Наполеон видел, что от него мало пользы. Он с радостью выслушал совет Мюрата вернуться в Париж, чтобы Франция снова не поддалась революции. На следующей остановке, в Молодечно, он получил новые подробности о деле Мале. Узурпатор был уничтожен, но легкость, с которой он навязывался чиновникам, свидетельствовала о слабости правительства, потерявшего веру в Наполеона, так долго отсутствовавшего, очевидно разрушенного, возможно, мертвого. Якобинцы и роялисты, Фуше и Талейран, готовили заговор с целью его низложения.
Чтобы вновь заявить о себе и успокоить французский народ, он отправил из Сморгони 5 декабря бюллетень № 29, который отличался от своих предшественников тем, что почти говорил правду. Французы, говорилось в нем, выиграли все сражения, взяли все города на своем пути, овладели Москвой; однако безжалостная русская зима разрушила великое предприятие, причинила боль и смерть цивилизованным французам, привыкшим к цивилизованному климату. В бюллетене признавались потери пятидесяти тысяч человек, но с гордостью рассказывалась история бегства Нея от Кутузова, а переправа через Березину представала в героическом, а не трагическом аспекте. В конце послания, как бы предупреждая своих врагов, говорилось: «Здоровье Его Величества никогда не было лучше».

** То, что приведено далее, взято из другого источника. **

(* Let $w=w_1\cdots w_n\in S_n$ and view $w$ as the composition $(w_1,\ldots,w_n)$. Then the Newton polytope $\mathrm{Newton}(\kappa_w)$ of the key polynomial $\kappa_w(x)$ equals the Bruhat interval polytope $\mathsf{Q}_{w,w_0}$, where $w_0=n\,(n-1)\cdots 2\,1$ is the maximum of $S_n$ in the Bruhat order.
   Context: For a polynomial $f=\sum_\alpha c_\alpha x^\alpha\in\mathbb{R}[x_1,\ldots,x_n]$, $\mathrm{Newton}(f)$ is the convex hull of $\{\alpha\colon c_\alpha\neq0\}$. Let $\partial_i f=(f-s_if)/(x_i-x_{i+1})$, where $s_if$ swaps $x_i$ and $x_{i+1}$, and $\pi_i f=\partial_i(x_if)$. Key polynomials for a composition $\alpha$ of length $n$: if $\alpha$ is weakly decreasing, $\kappa_\alpha=x^\alpha$; otherwise choose $i$ with $\alpha_i<\alpha_{i+1}$, let $\alpha'$ be $\alpha$ with $\alpha_i,\alpha_{i+1}$ interchanged, and set $\kappa_\alpha=\pi_i\kappa_{\alpha'}$. For $u\le v$ in the Bruhat order on $S_n$, the Bruhat interval polytope $\mathsf{Q}_{u,v}$ is the convex hull in $\mathbb{R}^n$ of the vectors $(\sigma_1,\ldots,\sigma_n)$ for all $\sigma$ in the Bruhat interval $[u,v]$. *)

From HB Require Import structures.
From mathcomp Require Import all_boot all_order all_algebra all_fingroup.
From mathcomp Require Import mpoly.
From Stdlib Require Import ClassicalEpsilon.
Set Implicit Arguments. Unset Strict Implicit. Unset Printing Implicit Defensive.
Import Order.TTheory GRing.Theory Num.Theory.
Local Open Scope ring_scope.

Section KeyNewton.
Variables (R : realFieldType) (n : nat).

(* successor index i+1 (only used when i.+1 < n; insubd is just a total cast) *)
Definition osucc (i : 'I_n) : 'I_n := insubd i i.+1.
Definition sti (i : 'I_n) : 'S_n := tperm i (osucc i).

(* divided difference: d_i f = (f - s_i f) / (x_i - x_{i+1}), the exact
   quotient in the polynomial ring (chosen classically; it exists and is
   unique since {mpoly R[n]} is an integral domain). *)
Definition ddiff (i : 'I_n) (f : {mpoly R[n]}) : {mpoly R[n]} :=
  epsilon (inhabits 0)
    (fun g : {mpoly R[n]} =>
       ('X_i - 'X_(osucc i)) * g = f - msym (sti i) f).

Definition demazure (i : 'I_n) (f : {mpoly R[n]}) : {mpoly R[n]} :=
  ddiff i ('X_i * f).

Definition xpow (a : 'I_n -> nat) : {mpoly R[n]} :=
  'X_[ [multinom a i | i < n] ].

Fixpoint key_fuel (k : nat) (a : 'I_n -> nat) : {mpoly R[n]} :=
  match k with
  | 0 => xpow a
  | k'.+1 =>
    match [pick i : 'I_n | (i.+1 < n)%N && (a i < a (osucc i))%N] with
    | Some i => demazure i (key_fuel k' (fun p => a (sti i p)))
    | None => xpow a
    end
  end.

(* Each step removes exactly one pair p<q with a_p<a_q, so n^2 steps
   always suffice to reach a weakly decreasing composition. *)
Definition key (a : 'I_n -> nat) : {mpoly R[n]} := key_fuel (n ^ 2) a.

Definition conv (S : seq 'rV[R]_n) (x : 'rV[R]_n) : Prop :=
  exists lam : 'I_(size S) -> R,
    (forall k, 0 <= lam k) /\ \sum_k lam k = 1 /\
    x = \sum_k lam k *: S`_k.

Definition mvec (m : 'X_{1..n}) : 'rV[R]_n := \row_i ((m i)%:R).

Definition Newton (f : {mpoly R[n]}) : 'rV[R]_n -> Prop :=
  conv [seq mvec m | m <- msupp f].

Definition pvec (s : 'S_n) : 'rV[R]_n := \row_i ((s i).+1%:R).

End KeyNewton.

Definition perm_comp (n : nat) (w : 'S_n) : 'I_n -> nat := fun i => (w i).+1.

(* Bruhat order: reflexive-transitive closure of u -> u t_{ij} where
   i < j are positions with u(i) < u(j) (i.e. length increases). *)
Definition bruhat_step (n : nat) : rel 'S_n :=
  fun u v => [exists i : 'I_n, exists j : 'I_n,
               [&& (i < j)%N, (u i < u j)%N & v == (tperm i j * u)%g]].

Definition bruhat_le (n : nat) (u v : 'S_n) : bool := connect (@bruhat_step n) u v.

Definition w0 (n : nat) : 'S_n := perm (@rev_ord_inj n).

Definition bip (R : realFieldType) (n : nat) (u v : 'S_n) : 'rV[R]_n -> Prop :=
  conv [seq pvec R s | s <- enum 'S_n & bruhat_le u s && bruhat_le s v].

From HB Require Import structures.
From mathcomp Require Import all_boot all_order all_algebra all_fingroup.
From mathcomp Require Import mpoly.
From mathcomp Require Import zify.
From Stdlib Require Import ClassicalEpsilon FunctionalExtensionality.
Set Implicit Arguments. Unset Strict Implicit. Unset Printing Implicit Defensive.
Import Order.TTheory GRing.Theory Num.Theory.
Local Open Scope ring_scope.

(* Induction along the recursion kappa_g = pi_i kappa_(g s_i), valid when
   g_i < g_(i+1), starting from kappa_(w0) = x^(n, ..., 1).  For f = kappa_g
   we maintain: every exponent of f lies in the hull of the permutation
   vectors of the upper interval [g, w0]; the coefficient of the permutation
   monomial of b is 1 if g <= b and 0 otherwise; and every exponent has sum
   of squares at most that of a permutation vector.  Now pi_i x^m is, up to
   sign, the sum of the monomials on the segment from m to s_i m.  The first
   clause survives because s_i g <= b implies both g <= b and g <= s_i b
   (lifting property of the Bruhat order).  As the sum of squares is strictly smaller inside a
   segment than at its endpoints, the coefficient of a permutation monomial
   in pi_i f only comes from itself or its s_i-image, which propagates the
   second clause.  The two inclusions then follow, since every permutation
   lies below w0. *)

Section ConvexHull.
Variables (R : realFieldType) (n : nat).
Implicit Types (S T : seq 'rV[R]_n) (x p q : 'rV[R]_n).

Lemma conv_mem S p : p \in S -> conv S p.
Proof.
move=> pS; have iS : (index p S < size S)%N by rewrite index_mem.
exists (fun k => (val k == index p S)%:R); split; first by move=> k; case: eqP.
have pick_index (V : lmodType R) (F : nat -> V) :
    \sum_(k < size S) (val k == index p S)%:R *: F k = F (index p S).
  rewrite (bigD1 (Ordinal iS)) //= eqxx scale1r big1 ?addr0 // => k.
  by rewrite -val_eqE /= => /negbTE ->; rewrite scale0r.
split; first by rewrite -[RHS](pick_index R^o (fun=> 1)); apply: eq_bigr => k _; rewrite [RHS]mulr1.
by rewrite pick_index nth_index.
Qed.

Lemma conv_linear (f : {linear 'rV[R]_n -> 'rV[R]_n}) S T x :
  conv S x -> (forall p, p \in S -> conv T (f p)) -> conv T (f x).
Proof.
move=> [lam [lam_ge0 [lam_sum ->]]] fS.
have /fin_all_exists[mu mu_spec] : forall k : 'I_(size S), exists mu : 'I_(size T) -> R,
    [/\ forall t, 0 <= mu t, \sum_t mu t = 1 & f S`_k = \sum_t mu t *: T`_t].
  by move=> k; have [mu [? [? ?]]] := fS _ (mem_nth 0 (ltn_ord k)); exists mu.
exists (fun t => \sum_k lam k * mu k t); split.
  by move=> t; apply: sumr_ge0 => k _; apply: mulr_ge0 => //; case: (mu_spec k).
split.
  rewrite exchange_big -lam_sum; apply: eq_bigr => k _.
  by rewrite -mulr_sumr; case: (mu_spec k) => _ -> _; rewrite mulr1.
rewrite linear_sum (eq_bigr (fun k => \sum_t (lam k * mu k t) *: T`_t)).
  by rewrite exchange_big; apply: eq_bigr => t _; rewrite scaler_suml.
move=> k _; rewrite linearZ_LR; case: (mu_spec k) => _ _ ->.
by rewrite scaler_sumr; apply: eq_bigr => t _; rewrite scalerA.
Qed.

Lemma conv_trans S T x : conv S x -> (forall p, p \in S -> conv T p) -> conv T x.
Proof. exact: (conv_linear (f := idfun)). Qed.

Lemma conv_sub S T x : {subset S <= T} -> conv S x -> conv T x.
Proof. by move=> sST Sx; apply: conv_trans Sx _ => p /sST; apply: conv_mem. Qed.

Lemma conv_segment T p q (u v : R) x : conv T p -> conv T q ->
  0 <= u -> 0 <= v -> 0 < u + v -> (u + v) *: x = u *: p + v *: q -> conv T x.
Proof.
move=> [lam [lam_ge0 [lam_sum ->]]] [mu [mu_ge0 [mu_sum ->]]] u_ge0 v_ge0 uv_gt0 ex.
have uv_neq0 : u + v != 0 by rewrite gt_eqF.
exists (fun k => (u * lam k + v * mu k) / (u + v)); split.
  by move=> k; apply: divr_ge0; [apply: addr_ge0; apply: mulr_ge0 | apply: ltW].
split; first by rewrite -mulr_suml big_split -!mulr_sumr lam_sum mu_sum !mulr1 divff.
rewrite -[x]scale1r -(mulVf uv_neq0) -scalerA ex !scaler_sumr -big_split scaler_sumr.
by apply: eq_bigr => k _ /=; rewrite !scalerA -scalerDl scalerA mulrC.
Qed.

Тем не менее, он был встревожен до глубины души. Он сказал Коленкуру: «Я могу удержать свою власть над Европой только из Тюильри».64 Мюрат, Эжен и Даву согласились с ним. Он передал свои полномочия по управлению марширующей армией королю Мюрату и велел ему ожидать провиант и подкрепления в Вильно. Поздно вечером 5 декабря он выехал из Сморгони в Париж.

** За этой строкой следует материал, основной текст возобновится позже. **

Lemma lam_nil : lam [::] = gone K.
Proof. by apply: (mulgI (z := lam [::])); rewrite -lam_mul mulg1. Qed.

Lemma lam_letters w : lam w = foldr (fun l h => lam [:: l] ** h) (gone K) w.
Proof. by elim: w => [|l w IH] /=; [exact: lam_nil | rewrite -IH -lam_mul]. Qed.

Lemma lam_winv w : lam (winv w) = ginv (lam w).
Proof. by apply: inv_uniq; rewrite -lam_mul -lam_nil; apply/lam_eq/sbeq_cancelV. Qed.

Lemma lam_letter_inv c : lam [:: (c, true)] = ginv (lc c).
Proof. exact: (lam_winv [:: lt1 c]). Qed.

Lemma lam_wcomm u v : lam (wcomm u v) = cm (lam u) (lam v).
Proof. by rewrite /wcomm /commut /wmul !lam_mul !lam_winv. Qed.

Lemma lam_ind (P : K -> Prop) : P (gone K) -> (forall c, P (lc c)) ->
  (forall a b, P a -> P b -> P (a ** b)) -> (forall a, P a -> P (ginv a)) ->
  forall w, P (lam w).
Proof.
move=> h1 hc hM hV; elim=> [|[c b] w IH]; first by rewrite lam_nil.
rewrite -cat1s lam_mul; apply: hM => //; case: b; last exact: hc.
by rewrite lam_letter_inv; apply/hV/hc.
Qed.

Lemma lam_gensub (S : sbword n g -> Prop) (P : K -> Prop) :
  (forall x, S x -> P (lam x)) -> P (gone K) ->
  (forall a b, P a -> P b -> P (a ** b)) -> (forall a, P a -> P (ginv a)) ->
  forall w, gensub (@sbeq n g) (@wmul n g) (@winv n g) (@wone n g) S w -> P (lam w).
Proof.
move=> hS h1 hM hV w; elim=> {w} [x Sx| |x y _ IHx _ IHy|x _ IH|x y hxy _ IH].
- exact: hS.
- by rewrite /wone lam_nil.
- by rewrite /wmul lam_mul; apply: hM.
- by rewrite lam_winv; apply: hV.
- by rewrite -(lam_eq hxy).
Qed.

Lemma cm_central_letters x : (forall c, central (cm x (lc c))) ->
  forall w, central (cm x (lam w)).
Proof.
move=> hc; apply: (lam_ind (P := fun h => central (cm x h))) => //.
- by rewrite cm_of_com; [exact: central1 | exact: com1].
- exact: cm_centralM.
- exact: cm_centralV.
Qed.

Lemma class2_of_letters : (forall c1 c2, central (cm (lc c1) (lc c2))) ->
  forall u v, central (cm (lam u) (lam v)).
Proof.
move=> hc u v; apply: cm_centralC; apply: cm_central_letters => c.
by apply: cm_centralC; apply: cm_central_letters.
Qed.

Lemma class2_Gamma3_kernel : (forall u v, central (cm (lam u) (lam v))) ->
  forall w, sbGamma 3 w -> lam w = gone K.
Proof.
move=> hc; apply: (lam_gensub (P := fun h => h = gone K)) => //.
- move=> _ [x [k [hk ->]]]; rewrite -/(wcomm x k) lam_wcomm.
  have hk_central : central (lam k).
    apply: (lam_gensub (P := @central K)) hk; last 3 first.
    + exact: central1.
    + exact: centralM.
    + exact: centralV.
    by move=> _ [x' [k' [_ ->]]]; rewrite -/(wcomm x' k') lam_wcomm.
  exact/cm_of_com/com_sym/hk_central.
- by move=> a b -> ->; rewrite gmul1.
- by move=> a ->; rewrite inv1.
Qed.

Lemma lam_braid (i j : 'I_n.-1) : val j = (val i).+1 ->
  lS i ** (lS j ** lS i) = lS j ** (lS i ** lS j).
Proof.
move=> h; have := lam_eq (e_rel (r_braid g h)).
by rewrite !lam_letters /= !mulg1.
Qed.

Lemma lam_surf_comm c k (j : 'I_n.-1) : surfgen c k -> (1 <= val j)%N ->
  com (lc c) (lS j).
Proof.
move=> h1 h2; have := lam_eq (e_rel (r_surf_comm h1 h2)).
by rewrite !lam_letters /= !mulg1.
Qed.

Lemma lam_ab k (s1 : 'I_n.-1) : val s1 = 0%N ->
  lc (Ga n k) ** (lS s1 ** lc (Gb n k)) =
  lS s1 ** (lc (Gb n k) ** (lS s1 ** (lc (Ga n k) ** lS s1))).
Proof.
move=> h; have := lam_eq (e_rel (r_ab k h)).
by rewrite !lam_letters /= !mulg1.
Qed.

Сократившись до 35 000 человек, караван на следующий день отправился в Вильно, расположенный в сорока шести милях от города. Температура упала до тридцати градусов ниже нуля по Фаренгейту, а ветер, по словам одного из выживших, пронизывал до костей и плоти.65 Прибыв в Вильно (8 декабря), голодные солдаты в первобытном хаосе набросились на ожидавшие их припасы, и в неразберихе много еды было потеряно. Они возобновили свой марш и 13 декабря у Ковно перешли, в количестве 30 000 человек, тот же Неман, который в июне перешли 400 000 человек, там и у Тильзита. В Позене Мюрат, беспокоясь за свой трон, передал командование Эжену (16 января 1813 года) и поспешил через всю Европу в Неаполь. Эжен, тридцатилетний, молодой, но опытный, взял на себя командование остатком и терпеливо вел его день за днем к берегам Эльбы, где ожидал приказа своего приемного отца.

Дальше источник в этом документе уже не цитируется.